What the task asks: Nothing but an exact copy is wanted here: the line with "by rewrite -(eqQZ_int" and all the lines that follow it in the entries below.
Exercise material Block Start
(* Let $(\mathscr{D},b)$ be a finite bilinear form with $(\mathscr{D},b)\cong(\mathscr{D},-b)$, and let $\sigma\in\{0,4\}$. Then, up to isomorphism, there is at most one finite quadratic form $(\mathscr{D},q)$ such that $q$ refines $b$, $(\mathscr{D},q)\cong(\mathscr{D},-q)$, and $\tau_1(q)/|\tau_1(q)|=e^{2\pi i\sigma/8}$, where $\tau_1(q)=\sum_{x\in\mathscr{D}}e^{2\pi i q(x)}$.
   Context: A finite bilinear form $(\mathscr{D},b)$ is a finite abelian group $\mathscr{D}$ with a symmetric, bilinear, non-degenerate map $b:\mathscr{D}\times\mathscr{D}\to\mathbb{Q}/\mathbb{Z}$. A finite quadratic form $(\mathscr{D},q)$ is a map $q:\mathscr{D}\to\mathbb{Q}/\mathbb{Z}$ with $q(nx)=n^2q(x)$ for all $n\in\mathbb{Z}$ and $q(x+y)-q(x)-q(y)$ a non-degenerate symmetric bilinear form; $q$ refines $b$ if $q(x+y)-q(x)-q(y)=b(x,y)$ for all $x,y$. Two forms (bilinear or quadratic) on $\mathscr{D}$ and $\mathscr{D}'$ are isomorphic if they are related by precomposition with a group isomorphism $\mathscr{D}\to\mathscr{D}'$. *)

(* finite abelian groups as finZmodType, Q/Z-valued maps as
   rat-valued maps compared modulo Z, Gauss sums in complex R (real_closed)
   with R the real numbers (Stdlib R, a realType via Rstruct). *)
From HB Require Import structures.
From mathcomp Require Import all_boot all_order all_algebra.
From mathcomp Require Import classical_sets reals Rstruct trigo.
From mathcomp Require Import complex.
Set Implicit Arguments. Unset Strict Implicit. Unset Printing Implicit Defensive.
Import Order.TTheory GRing.Theory Num.Theory.
Local Open Scope ring_scope.

Definition eqQZ (a b : rat) : Prop := (a - b) \is a Num.int.

Section Forms.
Variable D : finZmodType.

Definition finite_bilinear_form (b : D -> D -> rat) : Prop :=
  [/\ forall x y, eqQZ (b x y) (b y x),
      forall x y z, eqQZ (b (x + y) z) (b x z + b y z),
      forall x y z, eqQZ (b x (y + z)) (b x y + b x z)
    & forall x, (forall y, eqQZ (b x y) 0) -> x = 0].

Definition polar (q : D -> rat) : D -> D -> rat :=
  fun x y => q (x + y) - q x - q y.

Definition finite_quadratic_form (q : D -> rat) : Prop :=
  (forall (n : int) (x : D), eqQZ (q (x *~ n)) ((n ^+ 2)%:~R * q x))
  /\ finite_bilinear_form (polar q).

Definition refines (q : D -> rat) (b : D -> D -> rat) : Prop :=
  forall x y, eqQZ (polar q x y) (b x y).

Definition group_iso (f : D -> D) : Prop :=
  bijective f /\ {morph f : x y / x + y}.

Definition iso_bil (b b' : D -> D -> rat) : Prop :=
  exists f : D -> D, group_iso f /\ forall x y, eqQZ (b' (f x) (f y)) (b x y).

Definition iso_quad (q q' : D -> rat) : Prop :=
  exists f : D -> D, group_iso f /\ forall x, eqQZ (q' (f x)) (q x).

Definition neg_bil (b : D -> D -> rat) : D -> D -> rat := fun x y => - b x y.
Definition neg_quad (q : D -> rat) : D -> rat := fun x => - q x.

End Forms.

Definition expi (r : rat) : complex Rdefinitions.R :=
  (cos (2 * pi * ratr r) +i* sin (2 * pi * ratr r))%C.

Definition tau1 (D : finZmodType) (q : D -> rat) : complex Rdefinitions.R :=
  \sum_(x : D) expi (q x).

(* Two quadratic forms q, q' refining b differ by d = q' - q, which is
   additive modulo Z with 2d = 0 mod Z. The substitution x = z + y gives
     tau1 q' * conj (tau1 q) = \sum_z e(q' z) * \sum_y e(b(z, y) + d(y)),
   and by orthogonality of characters the inner sum is |D| for the unique
   z = c with b(c, -) + d = 0 mod Z, if there is one, and 0 otherwise. Equal
   phases make the left-hand side positive, so c exists and q'(c) is in Z;
   then 2c = 0 and q'(x + c) = q(x) mod Z. Translation by c is not additive,
   but x |-> x + [d(x) not in Z] c is an automorphism of D carrying q to q'. *)

From HB Require Import structures.
From mathcomp Require Import all_boot all_order all_algebra.
From mathcomp Require Import classical_sets reals Rstruct trigo.
From mathcomp Require Import complex ring lra zify.
Import Order.TTheory GRing.Theory Num.Theory.
Local Open Scope ring_scope.

Local Notation R := Rdefinitions.R.

Lemma int_of_eq {x : rat} (y : rat) : x = y -> y \is a Num.int -> x \is a Num.int.
Proof. by move=> ->. Qed.

Lemma addrr_int_half {x : rat} :
  x + x \is a Num.int -> x \notin Num.int -> x + 2^-1 \is a Num.int.
Proof.
move=> /intrP [m Em] x_nint.
have le0r := modz_ge0 m (isT : 2 != 0 :> int).
have ltr2 := ltz_mod m (isT : 2 != 0 :> int).
have Em2 := divz_eq m 2.
have [r0|r1] : (m %% 2)%Z = 0 \/ (m %% 2)%Z = 1 by lia.
  case/negP: x_nint; apply/intrP; exists (m %/ 2)%Z.
  by rewrite Em2 r0 addr0 intrM in Em; lra.
apply/intrP; exists ((m %/ 2)%Z + 1).
by rewrite Em2 r1 intrD intrM in Em; rewrite intrD; lra.
Qed.

Lemma eqQZ_int {a b : rat} : eqQZ a b -> (a \is a Num.int) = (b \is a Num.int).
Proof. by move=> ab; rewrite -[a](subrK b) rpredDl. Qed.

Lemma int_addr_halves (a b : rat) : a + a \is a Num.int -> b + b \is a Num.int ->
  (a + b \is a Num.int) = ((a \is a Num.int) == (b \is a Num.int)).
Proof.
move=> a2 b2; have [aZ|aNZ] := boolP (a \is a Num.int); first by rewrite rpredDl.
have [bZ|bNZ] := boolP (b \is a Num.int); first by rewrite rpredDr // (negPf aNZ).
have [ah bh] := (addrr_int_half a2 aNZ, addrr_int_half b2 bNZ).
apply: (int_of_eq ((a + 2^-1) + (b + 2^-1) - 1)); first by lra.
by apply: rpredB; [exact: rpredD | exact: rpred1].
Qed.

Lemma expiD a b : expi (a + b) = expi a * expi b.
Proof.
rewrite /expi rmorphD mulrDr cosD sinD; simpc.
by congr (_ +i* _)%C; ring.
Qed.

Lemma expi_int r : r \is a Num.int -> expi r = 1.
Proof.
move=> /intrP [k ->].
have expi_nat n : cos (2 * pi * n%:R) = 1 :> R /\ sin (2 * pi * n%:R) = 0 :> R.
  have -> : 2 * pi * n%:R = 0 + pi *+ 2 *+ n :> R by rewrite add0r; ring.
  by rewrite (periodicn (@cosD2pi R)) (periodicn (@sinD2pi R)) cos0 sin0.
rewrite /expi rmorph_int; case: k => n; first by have [-> ->] := expi_nat n.
by rewrite NegzE mulrNz mulrN cosN sinN; have [-> ->] := expi_nat n.+1; rewrite oppr0.
Qed.

Lemma expi_eqQZ a b : eqQZ a b -> expi a = expi b.
Proof. by move=> ab; rewrite -[a](subrK b) expiD expi_int ?mul1r. Qed.

Lemma expiN r : (expi r)^* = expi (- r).
Proof. by rewrite /expi rmorphN mulrN cosN sinN; simpc. Qed.

Lemma norm_expi r : `|expi r| = 1.
Proof. by apply/eqP; rewrite -sqrp_eq1 // normCK expiN -expiD subrr expi_int. Qed.

Lemma expi_eq1 r : expi r = 1 -> r \is a Num.int.
Proof.
move=> er1; set f := r - (Num.floor r)%:~R.
have /andP [le0f ltf1] : 0 <= f < 1.
  by have := Num.Theory.floor_itv r; rewrite intrD /f; lra.
have /eqP sin0 : sin (pi * ratr f) == 0 :> R.
  have : expi f = 1.
    rewrite -er1; apply: expi_eqQZ.
    by rewrite /eqQZ /f addrAC subrr add0r rpredN intr_int.
  rewrite /expi -mulrA mulr_natl cos_mulr2n cos2sin2 => -[cos1 _].
  by rewrite -sqrf_eq0; apply/eqP; lra.
have {sin0} f0 : f = 0.
  apply/eqP; rewrite eq_le le0f andbT leNgt; apply/negP => lt0f.
  have : 0 < pi * (ratr f : R) < pi.
    rewrite mulr_gt0 ?pi_gt0 ?ltr0q //= gtr_pMr ?pi_gt0 //.
    by rewrite -(rmorph1 (@ratr R)) ltr_rat.
  by move/sin_gt0_pi; rewrite sin0 ltxx.
by apply/intrP; exists (Num.floor r); apply/eqP; rewrite -subr_eq0 -/f f0.
Qed.

Lemma expi_gt0 r : 0 < expi r -> r \is a Num.int.
Proof. by move=> /gtr0_norm; rewrite norm_expi => /esym /expi_eq1. Qed.

Lemma mul_conjC_gt0_eq_phase {F : numClosedFieldType} {z w : F} :
  z != 0 -> w != 0 -> z / `|z| = w / `|w| -> 0 < z * w^*.
Proof.
move=> z0 w0 phase; set u := z / `|z| in phase.
have u0 : u != 0 by rewrite mulf_neq0 ?invr_eq0 ?normr_eq0.
have [-> ->] : z = u * `|z| /\ w = u * `|w|.
  by split; [rewrite /u | rewrite phase]; rewrite divfK ?normr_eq0.
rewrite rmorphM /= conj_normC mulrACA.
by apply: mulr_gt0; [rewrite mul_conjC_gt0 | apply: mulr_gt0; rewrite normr_gt0].
Qed.

Definition additive_QZ {G : zmodType} (chi : G -> rat) :=
  forall x y, eqQZ (chi (x + y)) (chi x + chi y).

Lemma sum_expi_additive (D : finZmodType) (chi : D -> rat) : additive_QZ chi ->
  \sum_(y : D) expi (chi y) = if [forall y, chi y \is a Num.int] then #|D|%:R else 0.
Proof.
move=> chiD; case: ifP => [/forallP chiZ | /negbT/forallPn [y0 chiNZ]].
  by rewrite (eq_bigr (fun _ => 1)) ?sumr_const // => y _; rewrite expi_int.
set S := \sum_(y : D) _.
have SE : S * expi (chi y0) = S.
  rewrite mulr_suml /S [RHS](reindex_inj (addIr y0)) /=.
  by apply: eq_bigr => y _; rewrite -expiD; exact/esym/expi_eqQZ/chiD.
have e_neq1 : expi (chi y0) != 1 by apply: contra chiNZ => /eqP /expi_eq1.
apply/eqP; move: SE => /eqP; rewrite -subr_eq0 -{2}[S]mulr1 -mulrBr mulf_eq0.
by rewrite subr_eq0 (negPf e_neq1) orbF.
Qed.

Definition cross_char {D : finZmodType} (q q' : D -> rat) (z y : D) : rat :=
  polar q' z y + (q' y - q y).

Lemma tau1_mul_conjC (D : finZmodType) (q q' : D -> rat) :
  tau1 q' * (tau1 q)^* =
    \sum_(z : D) expi (q' z) * \sum_(y : D) expi (cross_char q q' z y).
Proof.
rewrite /tau1 rmorph_sum mulr_suml.
under eq_bigr do rewrite mulr_sumr.
under [RHS]eq_bigr do rewrite mulr_sumr.
rewrite [LHS]exchange_big [RHS]exchange_big /=; apply: eq_bigr => y _.
rewrite (reindex_inj (addIr y)) /=; apply: eq_bigr => z _.
by rewrite expiN -!expiD /cross_char /polar; congr expi; ring.
Qed.

Section CrossCharacter.
Context {D : finZmodType} {q q' : D -> rat}.
Hypothesis polar_q' : finite_bilinear_form (polar q').
Hypothesis polar_eq : forall x y, eqQZ (polar q' x y) (polar q x y).

Lemma cross_char_additive z : additive_QZ (cross_char q q' z).
Proof.
case: polar_q' => _ _ polarD _ x y; rewrite /eqQZ.
apply: (int_of_eq ((polar q' z (x + y) - (polar q' z x + polar q' z y))
                   + (polar q' x y - polar q x y))).
  by rewrite /cross_char /polar; ring.
exact: rpredD (polarD _ _ _) (polar_eq _ _).
Qed.

Lemma cross_char_int_inj z c :
  (forall y, cross_char q q' z y \is a Num.int) ->
  (forall y, cross_char q q' c y \is a Num.int) -> z = c.
Proof.
case: polar_q' => _ polarD _ nondeg zZ cZ; apply/eqP; rewrite -subr_eq0; apply/eqP.
apply: nondeg => y; rewrite /eqQZ subr0.
apply: (int_of_eq ((cross_char q q' z y - cross_char q q' c y)
                   - (polar q' (z - c + c) y - (polar q' (z - c) y + polar q' c y)))).
  by rewrite subrK /cross_char; ring.
by apply: rpredB; [exact: rpredB | exact: polarD].
Qed.

Lemma tau1_mul_conjC_gt0 : 0 < tau1 q' * (tau1 q)^* ->
  exists c, (forall y, cross_char q q' c y \is a Num.int) /\ q' c \is a Num.int.
Proof.
pose int_char z := [forall y, cross_char q q' z y \is a Num.int].
have sumE z : \sum_(y : D) expi (cross_char q q' z y) = if int_char z then #|D|%:R else 0.
  exact/sum_expi_additive/cross_char_additive.
rewrite tau1_mul_conjC; under eq_bigr do rewrite sumE.
case: (pickP int_char) => [c cZ | noZ]; last first.
  by rewrite big1 ?ltxx // => z _; rewrite noZ mulr0.
rewrite (bigD1 c) //= cZ big1 ?addr0 => [|z zc]; last first.
  case: ifPn => [/forallP zZ|_]; last exact: mulr0.
  by rewrite (cross_char_int_inj _ _ zZ (forallP cZ)) eqxx in zc.
rewrite pmulr_lgt0 ?ltr0n => [/expi_gt0 q'cZ|]; last by apply/card_gt0P; exists 0.
by exists c; split => //; apply/forallP.
Qed.

End CrossCharacter.

Definition flip {G : zmodType} (d : G -> rat) (c x : G) : G :=
  if d x \is a Num.int then x else x + c.

Section Flip.
Context {G : zmodType} {d : G -> rat} {c : G}.
Hypotheses (dD : additive_QZ d) (d_half : forall x, d x + d x \is a Num.int).
Hypotheses (c2 : c + c = 0) (dcZ : d c \is a Num.int).

Lemma additive_half_intD x y :
  (d (x + y) \is a Num.int) = ((d x \is a Num.int) == (d y \is a Num.int)).
Proof. by rewrite (eqQZ_int (dD x y)) int_addr_halves. Qed.

Lemma flip_involutive : involutive (flip d c).
Proof.
move=> x; rewrite /flip; case dxZ: (d x \is a Num.int); first by rewrite dxZ.
by rewrite additive_half_intD dcZ dxZ /= -addrA c2 addr0.
Qed.

Lemma flip_additive : {morph flip d c : x y / x + y}.
Proof.
move=> x y; rewrite /flip additive_half_intD.
case: (d x \is a Num.int); case: (d y \is a Num.int) => /=.
- by [].
- by rewrite addrA.
- by rewrite addrAC.
- by rewrite addrACA c2 addr0.
Qed.

End Flip.

Lemma quadratic_form0 (D : finZmodType) (Q : D -> rat) :
  finite_quadratic_form Q -> Q 0 \is a Num.int.
Proof. by case=> /(_ 0 0); rewrite /eqQZ mulr0z expr0n mul0r subr0. Qed.

Lemma quadratic_form_double (D : finZmodType) (Q : D -> rat) :
  finite_quadratic_form Q -> forall x, eqQZ (Q (x + x)) (4 * Q x).
Proof. by case=> homQ _ x; have := homQ 2 x; rewrite -mulr2n. Qed.

Section ShiftIso.
Context {D : finZmodType} {q q' : D -> rat} {c : D}.
Hypotheses (qQ : finite_quadratic_form q) (q'Q : finite_quadratic_form q').
Hypothesis polar_eq : forall x y, eqQZ (polar q' x y) (polar q x y).
Hypothesis cZ : forall y, cross_char q q' c y \is a Num.int.
Hypothesis q'cZ : q' c \is a Num.int.

Let d x := q' x - q x.

Lemma diff_additive : additive_QZ d.
Proof.
move=> x y; apply: (int_of_eq (polar q' x y - polar q x y)); last exact: polar_eq.
by rewrite /d /polar; ring.
Qed.

Lemma diff_half x : d x + d x \is a Num.int.
Proof.
apply: (int_of_eq ((d (x + x) - (d x + d x))
                   - ((q' (x + x) - 4 * q' x) - (q (x + x) - 4 * q x)))).
  by rewrite /d; ring.
apply: rpredB; first exact: diff_additive.
by apply: rpredB; apply: quadratic_form_double.
Qed.

Lemma shift_order2 : c + c = 0.
Proof.
case: q'Q => _ [_ polarD _ nondeg]; apply: nondeg => y; rewrite /eqQZ subr0.
apply: (int_of_eq ((polar q' (c + c) y - (polar q' c y + polar q' c y))
                   + cross_char q q' c y + cross_char q q' c y - (d y + d y))).
  by rewrite /cross_char /d; ring.
exact: rpredB (rpredD (rpredD (polarD _ _ _) (cZ y)) (cZ y)) (diff_half y).
Qed.

Lemma quad_shift x : eqQZ (q' (x + c)) (q x).
Proof.
apply: (int_of_eq (cross_char q q' c x + q' c)); last exact: rpredD.
by rewrite /cross_char /polar [c + x]addrC; ring.
Qed.

Lemma diff_shift_int : d c \is a Num.int.
Proof.
have qcZ : q c \is a Num.int.
  by rewrite -(eqQZ_int (quad_shift c)) shift_order2 quadratic_form0.
exact: rpredB.
Qed.

Lemma iso_quad_shift : iso_quad q q'.
Proof.
have flipK := flip_involutive diff_additive diff_half shift_order2 diff_shift_int.
have flipD := flip_additive diff_additive diff_half shift_order2.
exists (flip d c); split; first by split; first exists (flip d c).
move=> x; rewrite /flip; case: ifP => // _; exact: quad_shift.
Qed.

End ShiftIso.

Theorem proposition6 (D : finZmodType) (b : D -> D -> rat) (sigma : nat) :
  finite_bilinear_form b ->
  iso_bil b (neg_bil b) ->
  (sigma = 0%N \/ sigma = 4%N) ->
  forall q q' : D -> rat,
    finite_quadratic_form q -> refines q b -> iso_quad q (neg_quad q) ->
    tau1 q / `|tau1 q| = expi (sigma%:R / 8) ->
    finite_quadratic_form q' -> refines q' b -> iso_quad q' (neg_quad q') ->
    tau1 q' / `|tau1 q'| = expi (sigma%:R / 8) ->
    iso_quad q q'.
Proof.
move=> _ _ _ q q' qQ qb _ phase_q q'Q q'b _ phase_q'.
have polar_eq x y : eqQZ (polar q' x y) (polar q x y).
  apply: (int_of_eq ((polar q' x y - b x y) - (polar q x y - b x y))); first by ring.
  exact: rpredB (q'b x y) (qb x y).
have tau1_neq0 (Q : D -> rat) : tau1 Q / `|tau1 Q| = expi (sigma%:R / 8) -> tau1 Q != 0.
  by move=> phase; apply: contra_eqN (norm_expi (sigma%:R / 8)) => /eqP Q0;
     rewrite -phase Q0 mul0r normr0 eq_sym oner_eq0.
have := mul_conjC_gt0_eq_phase (tau1_neq0 q' phase_q') (tau1_neq0 q phase_q).
rewrite phase_q phase_q' => /(_ erefl) /(tau1_mul_conjC_gt0 q'Q.2 polar_eq).
by case=> c [cZ q'cZ]; exact: iso_quad_shift qQ q'Q polar_eq cZ q'cZ.
Qed.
Exercise material Block End
Solution for this problem:
  by rewrite -(eqQZ_int (quad_shift c)) shift_order2 quadratic_form0.
exact: rpredB.
Qed.

Lemma iso_quad_shift : iso_quad q q'.
Proof.
have flipK := flip_involutive diff_additive diff_half shift_order2 diff_shift_int.
have flipD := flip_additive diff_additive diff_half shift_order2.
exists (flip d c); split; first by split; first exists (flip d c).
move=> x; rewrite /flip; case: ifP => // _; exact: quad_shift.
Qed.

End ShiftIso.

Theorem proposition6 (D : finZmodType) (b : D -> D -> rat) (sigma : nat) :
  finite_bilinear_form b ->
  iso_bil b (neg_bil b) ->
  (sigma = 0%N \/ sigma = 4%N) ->
  forall q q' : D -> rat,
    finite_quadratic_form q -> refines q b -> iso_quad q (neg_quad q) ->
    tau1 q / `|tau1 q| = expi (sigma%:R / 8) ->
    finite_quadratic_form q' -> refines q' b -> iso_quad q' (neg_quad q') ->
    tau1 q' / `|tau1 q'| = expi (sigma%:R / 8) ->
    iso_quad q q'.
Proof.
move=> _ _ _ q q' qQ qb _ phase_q q'Q q'b _ phase_q'.
have polar_eq x y : eqQZ (polar q' x y) (polar q x y).
  apply: (int_of_eq ((polar q' x y - b x y) - (polar q x y - b x y))); first by ring.
  exact: rpredB (q'b x y) (qb x y).
have tau1_neq0 (Q : D -> rat) : tau1 Q / `|tau1 Q| = expi (sigma%:R / 8) -> tau1 Q != 0.
  by move=> phase; apply: contra_eqN (norm_expi (sigma%:R / 8)) => /eqP Q0;
     rewrite -phase Q0 mul0r normr0 eq_sym oner_eq0.
have := mul_conjC_gt0_eq_phase (tau1_neq0 q' phase_q') (tau1_neq0 q phase_q).
rewrite phase_q phase_q' => /(_ erefl) /(tau1_mul_conjC_gt0 q'Q.2 polar_eq).
by case=> c [cZ q'cZ]; exact: iso_quad_shift qQ q'Q polar_eq cZ q'cZ.
Qed.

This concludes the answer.